> **REQUIRED WORK**: Since only part of the material below is wanted, output exactly the lines from the one with "End TeamSemantics." up to and including the one with "destruct (counterexample_choice HT)".

> **GIVEN ENTRIES**:

(* Every satisfiable set $\Phi\subseteq\mathrm{FO}\cup\sim\mathrm{FO}$ is satisfied (in first-order team semantics) by a team of cardinality $|\Phi\cap\sim\mathrm{FO}|$. In particular the team can always be chosen countable.
   Context: First-order team semantics: $(\mathcal{A},T)\models\alpha$ for $\alpha\in\mathrm{FO}$ iff $(\mathcal{A},s)\models\alpha$ for all $s\in T$; $(\mathcal{A},T)\models\sim\varphi$ iff $(\mathcal{A},T)\not\models\varphi$; $\sim\mathrm{FO}=\{\sim\alpha\mid\alpha\in\mathrm{FO}\}$ is a fragment of the Boolean closure $\mathcal{B}(\mathrm{FO})$ (closure under $\sim$ and material implication). This generalizes the empty team property (every $\Phi\subseteq\mathrm{FO}$ is satisfied by the empty team). *)

From Stdlib Require Import Vectors.Fin.

Set Implicit Arguments.

Record signature := Signature {
  funsym : Type;
  relsym : Type;
  fun_arity : funsym -> nat;
  rel_arity : relsym -> nat
}.

Section FO.
Variable S : signature.

Inductive term : Type :=
  | Var : nat -> term
  | App : forall f : funsym S, (Fin.t (fun_arity S f) -> term) -> term.

Inductive fo : Type :=
  | FEq  : term -> term -> fo
  | FRel : forall r : relsym S, (Fin.t (rel_arity S r) -> term) -> fo
  | FBot : fo
  | FNot : fo -> fo
  | FAnd : fo -> fo -> fo
  | FOr  : fo -> fo -> fo
  | FEx  : nat -> fo -> fo
  | FAll : nat -> fo -> fo.

Record structure := Structure {
  dom : Type;
  dom_inhabited : inhabited dom;
  fun_interp : forall f : funsym S, (Fin.t (fun_arity S f) -> dom) -> dom;
  rel_interp : forall r : relsym S, (Fin.t (rel_arity S r) -> dom) -> Prop
}.

Definition assignment (A : structure) := nat -> dom A.

Definition update (A : structure) (s : assignment A) (x : nat) (a : dom A)
  : assignment A := fun y => if PeanoNat.Nat.eqb y x then a else s y.

Fixpoint eval_term (A : structure) (s : assignment A) (t : term) : dom A :=
  match t with
  | Var x => s x
  | App f args => fun_interp A f (fun i => eval_term s (args i))
  end.

Fixpoint sat (A : structure) (s : assignment A) (a : fo) : Prop :=
  match a with
  | FEq t1 t2 => eval_term s t1 = eval_term s t2
  | FRel r args => rel_interp A r (fun i => eval_term s (args i))
  | FBot => False
  | FNot b => ~ sat s b
  | FAnd b c => sat s b /\ sat s c
  | FOr b c => sat s b \/ sat s c
  | FEx x b => exists d : dom A, sat (update s x d) b
  | FAll x b => forall d : dom A, sat (update s x d) b
  end.

Definition team (A : structure) := assignment A -> Prop.

(* Formulas of the Boolean closure B(FO): closure of FO under the
   contradictory negation ~ and material implication. *)
Inductive bform : Type :=
  | BFO  : fo -> bform
  | BSim : bform -> bform
  | BImp : bform -> bform -> bform.

Fixpoint team_sat (A : structure) (T : team A) (p : bform) : Prop :=
  match p with
  | BFO a => forall s, T s -> sat s a
  | BSim q => ~ team_sat T q
  | BImp q r => team_sat T q -> team_sat T r
  end.

Definition in_FO_simFO (Phi : bform -> Prop) : Prop :=
  forall p, Phi p -> (exists a, p = BFO a) \/ (exists a, p = BSim (BFO a)).

Definition team_sat_set (A : structure) (T : team A) (Phi : bform -> Prop) :=
  forall p, Phi p -> team_sat T p.

Definition satisfiable (Phi : bform -> Prop) : Prop :=
  exists (A : structure) (T : team A), team_sat_set T Phi.

End FO.

(* A first-order formula holds in a team iff it holds in every member, so it
   survives passing to a subteam; a negated formula ~a holds iff some member
   falsifies a. Hence from any team satisfying Phi we may keep just one
   falsifying assignment for each ~a in Phi: the resulting subteam still
   satisfies Phi and its members are indexed injectively by those formulas. *)
From Stdlib Require Import Classical ClassicalEpsilon ProofIrrelevance.

Lemma image_injects_into_domain {X Y : Type} (P : X -> Prop) (g : X -> Y) :
  exists h : {y : Y | exists x, P x /\ y = g x} -> X,
    (forall y, P (h y)) /\ (forall y z, h y = h z -> y = z).
Proof.
  destruct (choice (fun (y : {y : Y | exists x, P x /\ y = g x}) x =>
                      P x /\ proj1_sig y = g x)) as [h Hh].
  { intros [y Hy]. exact Hy. }
  exists h. split.
  - intro y. exact (proj1 (Hh y)).
  - intros [y Hy] [z Hz] Heq.
    destruct (Hh (exist _ y Hy)) as [_ Ey], (Hh (exist _ z Hz)) as [_ Ez].
    simpl in Ey, Ez.
    assert (y = z) as <- by (rewrite Ey, Ez, Heq; reflexivity).
    f_equal. apply proof_irrelevance.
Qed.

Section TeamSemantics.
Context {S : signature} {A : structure S}.

Lemma team_sat_FO_downward {T T' : team A} {a : fo S} :
  (forall s, T' s -> T s) -> team_sat T (BFO a) -> team_sat T' (BFO a).
Proof.
  intros Hsub HT s Hs. exact (HT s (Hsub s Hs)).
Qed.

Lemma team_sat_sim_FO (T : team A) (a : fo S) :
  team_sat T (BSim (BFO a)) <-> exists s, T s /\ ~ sat s a.
Proof.
  simpl. split.
  - intro Hnot. apply NNPP. intro Hnone. apply Hnot. intros s Hs.
    apply NNPP. intro Hfalse. apply Hnone. exists s. split; assumption.
  - intros [s [Hs Hfalse]] Hall. exact (Hfalse (Hall s Hs)).
Qed.

Lemma team_sat_set_subteam {Phi : bform S -> Prop} {T : team A} (T' : team A) :
  in_FO_simFO Phi ->
  team_sat_set T Phi ->
  (forall s, T' s -> T s) ->
  (forall a, Phi (BSim (BFO a)) -> exists s, T' s /\ ~ sat s a) ->
  team_sat_set T' Phi.
Proof.
  intros HPhi HT Hsub Hwit p Hp.
  destruct (HPhi p Hp) as [[a ->] | [a ->]].
  - exact (team_sat_FO_downward Hsub (HT _ Hp)).
  - apply team_sat_sim_FO. exact (Hwit a Hp).
Qed.

Lemma counterexample_choice {Phi : bform S -> Prop} {T : team A} :
  team_sat_set T Phi ->
  exists w : fo S -> assignment A,
    forall a, Phi (BSim (BFO a)) -> T (w a) /\ ~ sat (w a) a.
Proof.
  intro HT.
  apply (choice (fun a s => Phi (BSim (BFO a)) -> T s /\ ~ sat s a)). intro a.
  destruct (classic (Phi (BSim (BFO a)))) as [Ha | Ha].
  - destruct (proj1 (team_sat_sim_FO T a) (HT _ Ha)) as [s Hs].
    exists s. intros _. exact Hs.
  - destruct (dom_inhabited A) as [d].
    exists (fun _ => d). intro Ha'. contradiction.
Qed.

End TeamSemantics.

Theorem mainTheorem6 (S : signature) (Phi : bform S -> Prop) :
  in_FO_simFO Phi ->
  satisfiable Phi ->
  exists (A : structure S) (T : team A),
    team_sat_set T Phi /\
    (* |T| <= |Phi ∩ ~FO| : an injection from T into Phi ∩ ~FO *)
    exists f : {s : assignment A | T s} -> fo S,
      (forall x, Phi (BSim (BFO (f x)))) /\
      (forall x y, f x = f y -> x = y).
Proof.
  intros HPhi [A [T HT]].
  destruct (counterexample_choice HT) as [w Hw].
  exists A, (fun s => exists a, Phi (BSim (BFO a)) /\ s = w a). split.
  - apply (team_sat_set_subteam _ HPhi HT).
    + intros s [a [Ha ->]]. exact (proj1 (Hw a Ha)).
    + intros a Ha. exists (w a). split.
      * exists a. split; [exact Ha | reflexivity].
      * exact (proj2 (Hw a Ha)).
  - exact (image_injects_into_domain (fun a => Phi (BSim (BFO a))) w).
Qed.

> **ANSWER SECTION**:
End TeamSemantics.

Theorem mainTheorem6 (S : signature) (Phi : bform S -> Prop) :
  in_FO_simFO Phi ->
  satisfiable Phi ->
  exists (A : structure S) (T : team A),
    team_sat_set T Phi /\
    (* |T| <= |Phi ∩ ~FO| : an injection from T into Phi ∩ ~FO *)
    exists f : {s : assignment A | T s} -> fo S,
      (forall x, Phi (BSim (BFO (f x)))) /\
      (forall x y, f x = f y -> x = y).
Proof.
  intros HPhi [A [T HT]].
  destruct (counterexample_choice HT) as [w Hw].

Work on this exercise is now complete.